Он повторял в газетах свой адрес: «Музей Освенцим. Войтецкий Казимир».
По этому адресу приходили сообщения. Приезжали дети Освенцима, теперь уже ставшие взрослыми людьми. Шли письма — множество писем от матерей, разлученных в Освенциме с детьми. «Помогите найти!..» — обращались они к Войтецкому. Росла картотека адресов — картотека судеб. Устанавливались личные связи. Одна ниточка тянула за собой другую.
Казимир знал наперечет живущих в Польше детей Освенцима. Не просто знал. Был душевно близок со многими. «Дети Освенцима» посылали ему поздравительные открытки ко всем праздникам. А в годовщину освобождения собирались в Освенциме.
Но многие приезжали и чаще. Лично к нему, Войтецкому, за помощью, за советом… Приезжали в минуты душевных потрясений, на переломе судеб…

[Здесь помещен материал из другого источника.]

(* Let $N\ge3$ and $p>p_{\rm S}$. For $\gamma>0$ let $u(\cdot,\gamma)$ solve (IVP$_\gamma$), set $y(t,\gamma):=2^{-\frac{q}{p-1}}\frac{u(r,\gamma)}{ar^{-\mu}}$ with $r=e^{mt}$, and $\hat y(s,\gamma):=y\big(s-\frac{\log\gamma}{m\mu},\gamma\big)$. Let $\bar u$ be the solution of $\bar u''+\frac{N-1}{\rho}\bar u'+\bar u^p=0$ $(0<\rho<\infty)$, $\bar u(0)=2^{-\frac{q}{p-1}}$, $\bar u'(0)=0$, and $\bar y(s):=\frac{\bar u(e^{ms})}{ae^{-m\mu s}}$. Then for every $s_0\in\mathbb{R}$, as $\gamma\to\infty$, $\hat y(\cdot,\gamma)\to\bar y$ and $\partial_s\hat y(\cdot,\gamma)\to\bar y'$ uniformly on $(-\infty,s_0]$.
   Context: $A(r)=\frac{2}{1+r^2}$, $p_{\rm S}=\frac{N+2}{N-2}$, $q=\frac{N-2}{2}(p-p_{\rm S})$, $\mu=\frac{2}{p-1}$, $a=\{\mu(N-2-\mu)\}^{\mu/2}$, $m=a^{-(p-1)/2}$. (IVP$_\gamma$): $u''+\frac{N-1}{r}u'+\frac{N(N-2)}{4}A(r)^2u+A(r)^{-q}|u|^{p-1}u=0$ on $(0,\infty)$, $u(0)=\gamma$, $u'(0)=0$. (For $p>p_{\rm S}$, $\bar u>0$ on $[0,\infty)$.) *)

From Stdlib Require Import Reals Lra.
Open Scope R_scope.

(* x^e for x > 0, and 0 otherwise (e > 0 in all uses) *)
Definition rpow (x e : R) : R := if Rlt_dec 0 x then Rpower x e else 0.

Definition spow (x e : R) : R := rpow (Rabs x) (e - 1) * x.

Definition A (r : R) : R := 2 / (1 + r ^ 2).
Definition pS (N : nat) : R := (INR N + 2) / (INR N - 2).
Definition qexp (N : nat) (p : R) : R := (INR N - 2) / 2 * (p - pS N).
Definition mu (p : R) : R := 2 / (p - 1).
Definition acst (N : nat) (p : R) : R :=
  Rpower (mu p * (INR N - 2 - mu p)) (mu p / 2).
Definition mcst (N : nat) (p : R) : R := Rpower (acst N p) (- (p - 1) / 2).

(* u solves (IVP_gamma) on (0,oo): u(0)=gamma, u'(0)=0 (one-sided),
   u is C^2-type (twice differentiable) on (0,oo) and satisfies the ODE. *)
Definition IVP_sol (N : nat) (p gamma : R) (u : R -> R) : Prop :=
  u 0 = gamma /\
  limit1_in (fun r => (u r - gamma) / r) (fun r => 0 < r) 0 0 /\
  exists u1 u2 : R -> R,
    forall r, 0 < r ->
      derivable_pt_lim u r (u1 r) /\ derivable_pt_lim u1 r (u2 r) /\
      u2 r + (INR N - 1) / r * u1 r
        + INR N * (INR N - 2) / 4 * (A r) ^ 2 * u r
        + Rpower (A r) (- qexp N p) * spow (u r) p = 0.
(* Let $\kappa$ be an uncountable regular cardinal. The following are equivalent: (1) $\diamondsuit_\kappa$ holds; (2) there is a joint diamond sequence of length $\kappa$ for $\kappa$; (3) there is a joint diamond sequence of length $2^\kappa$ for $\kappa$; (4) there exists a $\diamondsuit_\kappa$-tree.
   Context: A filter on $\kappa$ is normal if it is closed under diagonal intersections of $\kappa$-sequences of its members, and uniform if it contains all cobounded subsets of $\kappa$. A $\kappa$-list is a function $d\colon\kappa\to\mathcal{P}(\kappa)$ with $d(\alpha)\subseteq\alpha$ for all $\alpha$. A joint diamond sequence of length $\lambda$ for $\kappa$ is a sequence $\langle d_\alpha;\alpha<\lambda\rangle$ of $\kappa$-lists such that for every sequence $\langle a_\alpha;\alpha<\lambda\rangle$ of subsets of $\kappa$ there is a proper normal uniform filter $\mathcal{F}$ on $\kappa$ with $\{\xi<\kappa : d_\alpha(\xi)=a_\alpha\cap\xi\}\in\mathcal{F}$ for every $\alpha<\lambda$. A $\diamondsuit_\kappa$-tree is a function $D\colon {}^{<\kappa}2\to\mathcal{P}(\kappa)$ such that for every sequence $\langle a_s; s\in{}^\kappa 2\rangle$ of subsets of $\kappa$ there is a proper normal uniform filter on $\kappa$ containing all the sets $S_s=\{\xi<\kappa : D(s\restriction\xi)=a_s\cap\xi\}$, $s\in{}^\kappa2$. *)

(* The cardinal kappa is represented by an abstract
   type K carrying a strict well-order lt (so elements of K are the ordinals
   xi < kappa, and {eta | lt eta xi} is the ordinal xi). *)
From Stdlib Require Import Wellfounded.

Set Implicit Arguments.

Section Card.
Variable K : Type.
Variable lt : K -> K -> Prop.

Definition injective_fun {A B : Type} (f : A -> B) : Prop :=
  forall x y, f x = f y -> x = y.

Definition strict_well_order : Prop :=
  (forall x, ~ lt x x) /\
  (forall x y z, lt x y -> lt y z -> lt x z) /\
  (forall x y, lt x y \/ x = y \/ lt y x) /\
  well_founded lt.

Definition segment (xi : K) : Type := {eta : K | lt eta xi}.

Definition is_cardinal : Prop :=
  forall xi : K, ~ exists f : K -> segment xi, injective_fun f.

Definition unbounded (X : K -> Prop) : Prop :=
  forall beta, exists xi, lt beta xi /\ X xi.

Definition is_regular : Prop :=
  forall X : K -> Prop, unbounded X ->
    exists f : K -> {x : K | X x}, injective_fun f.

Definition is_uncountable : Prop :=
  ~ exists f : K -> nat, injective_fun f.

Definition uncountable_regular_cardinal : Prop :=
  strict_well_order /\ is_cardinal /\ is_regular /\ is_uncountable.

Definition closed_set (C : K -> Prop) : Prop :=
  forall xi, (exists beta, lt beta xi) ->
    (forall beta, lt beta xi -> exists gamma, lt beta gamma /\ lt gamma xi /\ C gamma) ->
    C xi.

Definition club (C : K -> Prop) : Prop := closed_set C /\ unbounded C.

Ближе других была ему Марыся. Она больше другие тянулась к нему. Чаще других приезжала в Освенцим, называя Освенцим с горькой иронией «домом своего детства».
Она часто сопровождала Войтецкого в его экскурсиях по музею. Однажды попросила его показать ей хотя бы то место, где стоял детский барак. И, приезжая в Освенцим, часто ходила на это место одна. Что она вспоминала там? О чем думала?
Видя ее интерес к прошлому, Войтецкий намеренно поручал иногда Марысе записывать в «детские» карточки новые данные и сообщения, которые ему удавалось получить. Она охотно делала это.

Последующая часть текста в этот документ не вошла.